Filtered DataFrames saved.


### Step 4: Splitting trips into 3 segments (Driver-to-Merchant, Wait-Time-at-Merchant, Merchant-to-Customer)

#### Split trips based on stationary intervals matching coordinates from pooling

In [None]:

def adjust_gaps_with_original_pattern(original_gaps, new_gaps):
    """
    Adjust new gaps based on the pattern of change in the original gaps.
    The new gaps will start from 0 but follow the same incremental differences.
    """
    if len(original_gaps) <= 1 or len(new_gaps) == 0:
        return new_gaps  # No meaningful adjustment needed

    # Calculate the incremental changes (differences) in the original gaps
    original_diffs = np.diff(original_gaps)

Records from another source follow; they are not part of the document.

(* Let $1\le k<n$ and $A\in\mathbb{H}_n$. The following are equivalent: (a) $A=\gamma I$ for some $\gamma\in\mathbb{R}$; (b) $A\parallel B$ for every $B\in\mathbb{H}_n$; (c) $A\parallel P$ for every rank-$k$ orthogonal projection $P\in\mathbb{H}_n$.
   Context: $\mathbb{H}_n$ is the real space of $n\times n$ Hermitian matrices. $w_k(A)=\max\{|\operatorname{tr}(AP)|: P=P^*=P^2,\operatorname{tr}P=k\}$. For $A,B\in\mathbb{H}_n$, $A\parallel B$ means $w_k(A+\mu B)=w_k(A)+w_k(B)$ for some $\mu\in\{1,-1\}$. *)

From HB Require Import structures.
From mathcomp Require Import all_boot all_order all_algebra.
From mathcomp Require Import complex.
From mathcomp Require Import boolp classical_sets reals.
Set Implicit Arguments. Unset Strict Implicit. Unset Printing Implicit Defensive.
Import Order.TTheory GRing.Theory Num.Theory.
Local Open Scope ring_scope.
Local Open Scope classical_set_scope.

Definition rC (R : realType) (x : R) : R[i] := (x%:C)%C.

Definition adjmx (R : realType) (n : nat) (A : 'M[R[i]]_n) : 'M[R[i]]_n :=
  (map_mx Num.conj A)^T.

Definition herm_mx (R : realType) (n : nat) (A : 'M[R[i]]_n) : Prop :=
  adjmx A = A.

Definition trk_proj (R : realType) (n k : nat) (P : 'M[R[i]]_n) : Prop :=
  [/\ adjmx P = P, P *m P = P & \tr P = k%:R].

    # Start the new gaps from 0
    adjusted_gaps = [0]

    # Apply the original differences to the new gaps
    for i in range(1, len(new_gaps)):
        diff = original_diffs[(i - 1) % len(original_diffs)]
        adjusted_gaps.append(adjusted_gaps[-1] + diff)

    return adjusted_gaps

def segment_trips(df, longest_intervals_df):
    road_list = []
    second_segment_list = []

    # Iterate over each entry in the df dataframe
    for index, row in df.iterrows():
        trip_id = row['trip_id']
        interval = longest_intervals_df[longest_intervals_df['trip_id'] == trip_id]
        lats = row['lats']
        lngs = row['lngs']
        time_gap = row['time_gap']
        dist_gap = row['dist_gap']
        month = row['month']

        if not interval.empty:
            start_idx = interval['start_idx'].values[0]
            end_idx = interval['end_idx'].values[0]

            # First segment
            first_segment = {
                'trip_id': trip_id,
                'time_gap': time_gap[:start_idx],
                'dist': dist_gap[start_idx - 1] if start_idx > 0 else 0,
                'trip_time': time_gap[start_idx - 1] if start_idx > 0 else 0,
                'driverID': row['driverID'],
                'weekID': row['weekID'],
                'timeID': row['timeID'],
                'dateID': row['dateID'],
                'dist_gap': dist_gap[:start_idx],
                'lats': lats[:start_idx],
                'lngs': lngs[:start_idx],
                'month': month,
                'time_offset': 0,
                'segmentID': 1
            }

            # Second segment (stationary)
            stationary_time_gap = time_gap[start_idx:end_idx + 1]
            stationary_dist_gap = dist_gap[start_idx:end_idx + 1]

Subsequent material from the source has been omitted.